Sean Griffith was quoted in a Law360 article about his objection to a proposed settlement in a lawsuit against Goldman Sachs.
A stockholder challenge to Goldman Sachs Group Inc.’s non-employee director compensation terms — back in court after a rejected settlement last year — could “open the floodgates” for similar litigation, an attorney for the directors told a Delaware vice chancellor on Monday.
Robert J. Giuffra Jr. of Sullivan & Cromwell LLP, counsel to the directors named in the suit, made the point while seeking dismissal of the case after Vice Chancellor Sam Glasscock III rejected a deal in late October that would have required additional disclosure about the company’s stock incentive plan, among other provisions.

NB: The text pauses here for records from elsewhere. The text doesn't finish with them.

(* For all integers $n\ge1$, $$\mathcal A\cap\gamma_{n+1}(\mathcal R)=\mathcal A_{2n-1}.$$
   Context: $\mathcal R=\mathcal R(\mathbb F_2)$ is the Riordan group of pairs $(g,f)$ of formal power series over $\mathbb F_2$ with $g=1+\cdots$, $f=t+\cdots$, product $(g_1,f_1)(g_2,f_2)=(g_1\cdot(g_2\circ f_1),\,f_2\circ f_1)$; it is a pro-2 group (inverse limit of its finite truncations) with the corresponding $t$-adic topology. $\mathcal A=\{(g,t)\}$ is the Appell subgroup and $\mathcal A_m=\{(g,t):g\equiv1\pmod{t^{m+1}}\}$. The lower central series is $\gamma_1(\mathcal R)=\mathcal R$, $\gamma_i(\mathcal R)=[\gamma_{i-1}(\mathcal R),\mathcal R]$, where $[X,Y]$ is the smallest closed subgroup containing all commutators $x^{-1}y^{-1}xy$, $x\in X$, $y\in Y$. *)

From HB Require Import structures.
From mathcomp Require Import all_boot all_order all_algebra.
Set Implicit Arguments. Unset Strict Implicit. Unset Printing Implicit Defensive.
Import GRing.Theory.
Local Open Scope ring_scope.

Definition series := nat -> 'F_2.

Definition sone : series := fun n => (n == 0)%:R.
Definition st : series := fun n => (n == 1)%:R.

Definition smul (a b : series) : series :=
  fun n => \sum_(i < n.+1) a i * b (n - i)%N.

Fixpoint spow (f : series) (k : nat) : series :=
  match k with 0 => sone | k'.+1 => smul f (spow f k') end.

(* composition g o f, meaningful when f 0 = 0 *)
Definition scomp (g f : series) : series :=
  fun n => \sum_(k < n.+1) g k * spow f k n.

Definition rpair := (series * series)%type.

Definition isRiordan (x : rpair) : Prop :=
  x.1 0%N = 1 /\ x.2 0%N = 0 /\ x.2 1%N = 1.

Definition rmul (x y : rpair) : rpair :=
  (smul x.1 (scomp y.1 x.2), scomp y.2 x.2).

Definition rid : rpair := (sone, st).

(* t-adic topology: x and y agree modulo t^N *)
Definition agree (N : nat) (x y : rpair) : Prop :=
  forall i, (i < N)%N -> x.1 i = y.1 i /\ x.2 i = y.2 i.

Definition rclosed (S : rpair -> Prop) : Prop :=
  forall x, isRiordan x -> (forall N, exists y, S y /\ agree N x y) -> S x.

Definition rsubgroup (H : rpair -> Prop) : Prop :=
  [/\ forall x, H x -> isRiordan x,
      H rid,
      forall x y, H x -> H y -> H (rmul x y) &
      forall x, H x -> exists z, H z /\ rmul x z = rid].

(* c is the commutator x^-1 y^-1 x y, i.e. the unique c with y x c = x y *)
Definition commset (X Y : rpair -> Prop) (c : rpair) : Prop :=
  isRiordan c /\ exists x y, [/\ X x, Y y, isRiordan x, isRiordan y &
                                rmul y (rmul x c) = rmul x y].

Definition commgen (X Y : rpair -> Prop) (c : rpair) : Prop :=
  forall H, rsubgroup H -> rclosed H -> (forall d, commset X Y d -> H d) -> H c.

(* lcs k = gamma_{k+1}(R) *)
Fixpoint lcs (k : nat) : rpair -> Prop :=
  match k with 0 => isRiordan | k'.+1 => commgen (lcs k') isRiordan end.

Definition gamma (i : nat) : rpair -> Prop := lcs i.-1.

Definition isAppell (x : rpair) : Prop := isRiordan x /\ x.2 = st.

Definition appellm (m : nat) (x : rpair) : Prop :=
  isAppell x /\ forall i, (1 <= i <= m)%N -> x.1 i = 0.

From mathcomp Require Import all_boot all_order all_algebra.
From mathcomp Require Import zify.
From Stdlib Require Import FunctionalExtensionality.
Set Implicit Arguments. Unset Strict Implicit. Unset Printing Implicit Defensive.
Import GRing.Theory.
Local Open Scope ring_scope.

(** For the upper bound, the pairs (g, f) with g = 1 (mod t^(2N))
   and f = t (mod t^(2N+2)) form a closed subgroup of R, and the commutator of
   such a pair with any Riordan pair lies in the analogous subgroup for N + 1;
   so gamma_(n+1)(R) lies in the subgroup for N = n.  The estimate behind this
   is that F = G (mod t^M) implies F^j = G^j (mod t^(M+j-1)), which improves to
   F^(2i) = G^(2i) (mod t^(2(M+i-1))) because squaring is additive over F_2.

   For the lower bound, let k = t + t^e with e >= 2 and m odd.  Then
   k^m = t^m + t^(m+e-1) (mod t^(m+e)), so the commutator of (1 + k^m, t), an
   element of A_(m-1), with (1, k) is an Appell pair (q, t) with
   q = 1 + t^(m+e-1) (mod t^(m+e)).  Taking e = 2 or 3 gives such elements in
   every degree d >= 2n + 2 inside [A_(2n-1), R], and finite products of them
   approximate every element of A_(2n+1); closedness and induction on n give
   A_(2n-1) <= gamma_(n+1)(R). *)

(** * Formal power series over F_2 *)

Lemma F2_char2 : (2 \in [pchar 'F_2])%N.
Proof. exact: pchar_Fp. Qed.

Lemma F2_natr_odd m : (m%:R : 'F_2) = (odd m)%:R.
Proof. by rewrite -(Fp_nat_mod (p := 2)) // modn2. Qed.

Lemma F2_neq_add1 (x y : 'F_2) : x != y -> x + 1 = y.
Proof. by move: x y; do 2!case=> [[|[|?]] ?] //=; move=> _; apply/val_inj. Qed.

Definition sadd (a b : series) : series := fun n => a n + b n.
Definition szero : series := fun _ => 0.
Definition tpow (e : nat) : series := fun n => (n == e)%:R.

Definition eqmodt (V : nat) (a b : series) : Prop :=
  forall i, (i < V)%N -> a i = b i.

Lemma series_ext (a b : series) : (forall n, a n = b n) -> a = b.
Proof. exact: functional_extensionality. Qed.

Lemma saddE a b n : sadd a b n = a n + b n.
Proof. by []. Qed.

Lemma saddC a b : sadd a b = sadd b a.
Proof. by apply: series_ext => n; rewrite /sadd addrC. Qed.

Lemma saddA a b c : sadd a (sadd b c) = sadd (sadd a b) c.
Proof. by apply: series_ext => n; rewrite /sadd addrA. Qed.

Lemma saddK a b : sadd a (sadd a b) = b.
Proof. by apply: series_ext => n; rewrite /sadd addrA addrr_pchar2 ?add0r // F2_char2. Qed.

Lemma sum_ord_single (R : nmodType) n m (F : nat -> R) :
  (forall k, (k < n)%N -> k != m -> F k = 0) ->
  \sum_(k < n) F k = if (m < n)%N then F m else 0.
Proof.
move=> HF; rewrite -(big_ord1_eq +%R F) [RHS]big_mkcond; apply: eq_bigr => k _.
by case: eqP => // /eqP; apply: HF.
Qed.

Lemma sum_tpow n e (F : nat -> 'F_2) :
  \sum_(i < n) tpow e i * F i = if (e < n)%N then F e else 0.
Proof.
rewrite (sum_ord_single (F := fun i => tpow e i * F i) (m := e)) => [|k _ /negPf ke].
  by rewrite /tpow eqxx mul1r.
by rewrite /tpow ke mul0r.
Qed.

Section Congruence.

Variable V : nat.

Lemma eqmodt_sym a b : eqmodt V a b -> eqmodt V b a.
Proof. by move=> Hab i Hi; rewrite Hab. Qed.

Lemma eqmodt_trans a b c : eqmodt V a b -> eqmodt V b c -> eqmodt V a c.
Proof. by move=> Hab Hbc i Hi; rewrite Hab ?Hbc. Qed.

Lemma eqmodtW W a b : eqmodt V a b -> (W <= V)%N -> eqmodt W a b.
Proof. by move=> Hab HW i Hi; apply: Hab; apply: leq_trans HW. Qed.

Lemma eqmodtD a a' b b' :
  eqmodt V a a' -> eqmodt V b b' -> eqmodt V (sadd a b) (sadd a' b').
Proof. by move=> Ha Hb i Hi; rewrite /sadd Ha ?Hb. Qed.

Lemma eqmodt_sadd0 a b : eqmodt V (sadd a b) szero <-> eqmodt V a b.
Proof.
split=> H i Hi; last by rewrite /sadd H // addrr_pchar2 // F2_char2.
rewrite -(addrK_pchar2 F2_char2 (b i) (a i)).
by have := H i Hi; rewrite saddE => ->; rewrite add0r.
Qed.

End Congruence.

Arguments eqmodtW {V W a b}.

Definition trunc (n : nat) (a : series) : {poly 'F_2} := \poly_(i < n.+1) a i.

Lemma smul_trunc a b n i : (i <= n)%N -> smul a b i = (trunc n a * trunc n b)`_i.
Proof.
move=> Hi; rewrite coefM /smul; apply: eq_bigr => j _.
have Hj : (j < n.+1)%N by rewrite (leq_trans (ltn_ord j)) // ltnS.
by rewrite !coef_poly Hj ifT // ltnS (leq_trans (leq_subr _ _) Hi).
Qed.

The vice chancellor had ruled that releases of derivative claims, sought on behalf of the company by stockholder Shiva Stein, would not have been fair to the company.
A. Arnold Gershon of Barrack Rodos & Bacine LLP, counsel to Stein, said that Goldman in part “asked stockholders to approve something that was going to be bound to the performance goals of another plan that they did not disclose.”
If the case goes forward, Gershon said, discovery or expert testimony could be required to determine the liability of directors for the action.
Giuffra said no one has dealt with some aspects of the case, including arguments that good faith had been “read out” of a stock incentive plan “notwithstanding that it has been approved by the shareholders of Goldman Sachs four times.”
Also potentially adding a wrinkle to the case was Fordham University School of Law professor Sean J. Griffith’s argument in favor of a $575,000 objector’s fee, which was sought after the vice chancellor rejected the settlement.
Anthony A. Rickey of Margrave Law LLC, counsel to Griffith, said the monetary and non-monetary benefits from scuttling the settlement and accompanying liability releases justified the award, which mirrored the $575,000 fee sought by Stein’s attorney in the rejected settlement.